In geometry, the Japanese theorem states that the centers of the incircles of certain triangles inside a cyclic quadrilateral are vertices of a rectangle.

Triangulating an arbitrary concyclic quadrilateral by its diagonals yields four overlapping triangles (each diagonal creates two triangles). The centers of the incircles of those triangles form a rectangle.

Specifically, let $\square ABCD$ be an arbitrary concyclic quadrilateral and let be $M_1,M_2,M_3,M_4$ the incenters of the triangles $\triangle ABD, \triangle ABC, \triangle BCD, \triangle ACD$. Then the quadrilateral formed by $M_1,M_2,M_3,M_4$ is a rectangle.

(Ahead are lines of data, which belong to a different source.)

(* With the notation of the context, the semigroup $U$ is generated by elements $u\in U$ satisfying $\varphi_u(e)\le 2$ for all $e\in E$. Consequently, under the isomorphism $k[\mathrm{Rep}_{Q,c}(\beta,r)]^{\mathrm{SL}(\beta)}\cong k[U][y_b]_{b\in B}$, the ring of semi-invariants is generated by the monomials corresponding to such $u$ together with the variables $y_b$ (i.e. generators occur in multidegrees with $\varphi_u(e)\le 2$ for all endpoints $e$ and with each band variable of degree at most $1$).
   Context: $k$ algebraically closed; $Q$ acyclic quiver with coloring $c:Q_1\to S$ (each $c^{-1}(s)$ the arrow set of a directed path) such that $kQ/I_c$ is a gentle string algebra ($I_c$ generated by all $ba$ with $ha=tb$, $c(a)=c(b)$). $\beta$ a dimension vector; $\mathfrak{X}$ the set of $(x,s)\in Q_0\times S$ such that an arrow of color $s$ has head or tail $x$; $i(x,s)$, $o(x,s)$ the arrow of color $s$ with head, resp. tail, $x$ (or $\emptyset$). A vertex is lonely if it lies in exactly one pair of $\mathfrak{X}$, coupled if in two. $r$ is a maximal rank sequence: $r:Q_1\to\mathbb{N}$, $r(i(x,s))+r(o(x,s))\le\beta_x$ for all $(x,s)\in\mathfrak{X}$ ($r(\emptyset)=0$), maximal coordinatewise. $\mathrm{Rep}_{Q,c}(\beta,r)$: representations of $kQ/I_c$ of dimension $\beta$ with $\operatorname{rank}V_a\le r(a)$. Partition equivalence graph: vertex set $\Sigma=\{\alpha_i^{(x,s)}:(x,s)\in\mathfrak{X},1\le i\le\beta_x-1\}$, edges (i) $\alpha_i^{(x,s_1)}$—$\alpha_{\beta_x-i}^{(x,s_2)}$ for coupled $x$ with pairs $(x,s_1),(x,s_2)$, $1\le i\le\beta_x-1$; (ii) $\alpha_i^{(x,s)}$—$\alpha_{\beta_y-i}^{(y,s)}$ for each arrow $a:x\to y$ of color $s$, $1\le i\le r(a)-1$. Path components with at least one edge are strings, cycle components are bands ($B$ = set of bands); $E$ is the set of string endpoints and $\Theta:E\to E$ swaps the endpoints of each string. For $u:Q_1\to\mathbb{N}$ ($u(\emptyset)=0$), $\varphi_u(\alpha_i^{(x,s)})=0$ if $x$ lonely, and $=[i=r(o(x,s))]u(o(x,s))+[i=\beta_x-r(i(x,s))]u(i(x,s))$ if $x$ coupled. $U=\{u:Q_1\to\mathbb{N}:\varphi_u(e)=\varphi_u(\Theta e)\ \forall e\in E\}$. The paper proves $k[\mathrm{Rep}_{Q,c}(\beta,r)]^{\mathrm{SL}(\beta)}\cong k[U][y_b]_{b\in B}$ (polynomial ring in one variable per band over $k[U]$). *)

From mathcomp Require Import all_boot.
Set Implicit Arguments. Unset Strict Implicit. Unset Printing Implicit Defensive.

Section ColoredQuiver.
Variables (V A S : finType) (src tgt : A -> V) (col : A -> S).

Definition qpath (p : seq A) : bool :=
  if p is a :: p' then path (fun a b => tgt a == src b) a p' else true.

Definition acyclic : Prop :=
  forall (a : A) (p : seq A), qpath (a :: p) -> src a != tgt (last a p).

Definition color_paths : Prop :=
  forall s : S, exists p : seq A,
    [&& qpath p, uniq p & [forall a, (a \in p) == (col a == s)]].

(* kQ/I_c is gentle, where I_c is generated by the paths ba (tgt a = src b)
   with col a = col b *)
Definition gentle : Prop :=
  (forall x : V, #|[pred a | tgt a == x]| <= 2 /\ #|[pred a | src a == x]| <= 2) /\
  (forall a : A,
     #|[pred b | (src b == tgt a) && (col b == col a)]| <= 1 /\
     #|[pred b | (src b == tgt a) && (col b != col a)]| <= 1) /\
  (forall b : A,
     #|[pred a | (tgt a == src b) && (col a == col b)]| <= 1 /\
     #|[pred a | (tgt a == src b) && (col a != col b)]| <= 1).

Note that this theorem is easily extended to prove the Japanese theorem for cyclic polygons. To prove the quadrilateral case, simply construct the parallelogram tangent to the corners of the constructed rectangle, with sides parallel to the diagonals of the quadrilateral. The construction shows that the parallelogram is a rhombus, which is equivalent to showing that the sums of the radii of the incircles tangent to each diagonal are equal.

The quadrilateral case immediately proves the general case by induction on the set of triangulating partitions of a general polygon.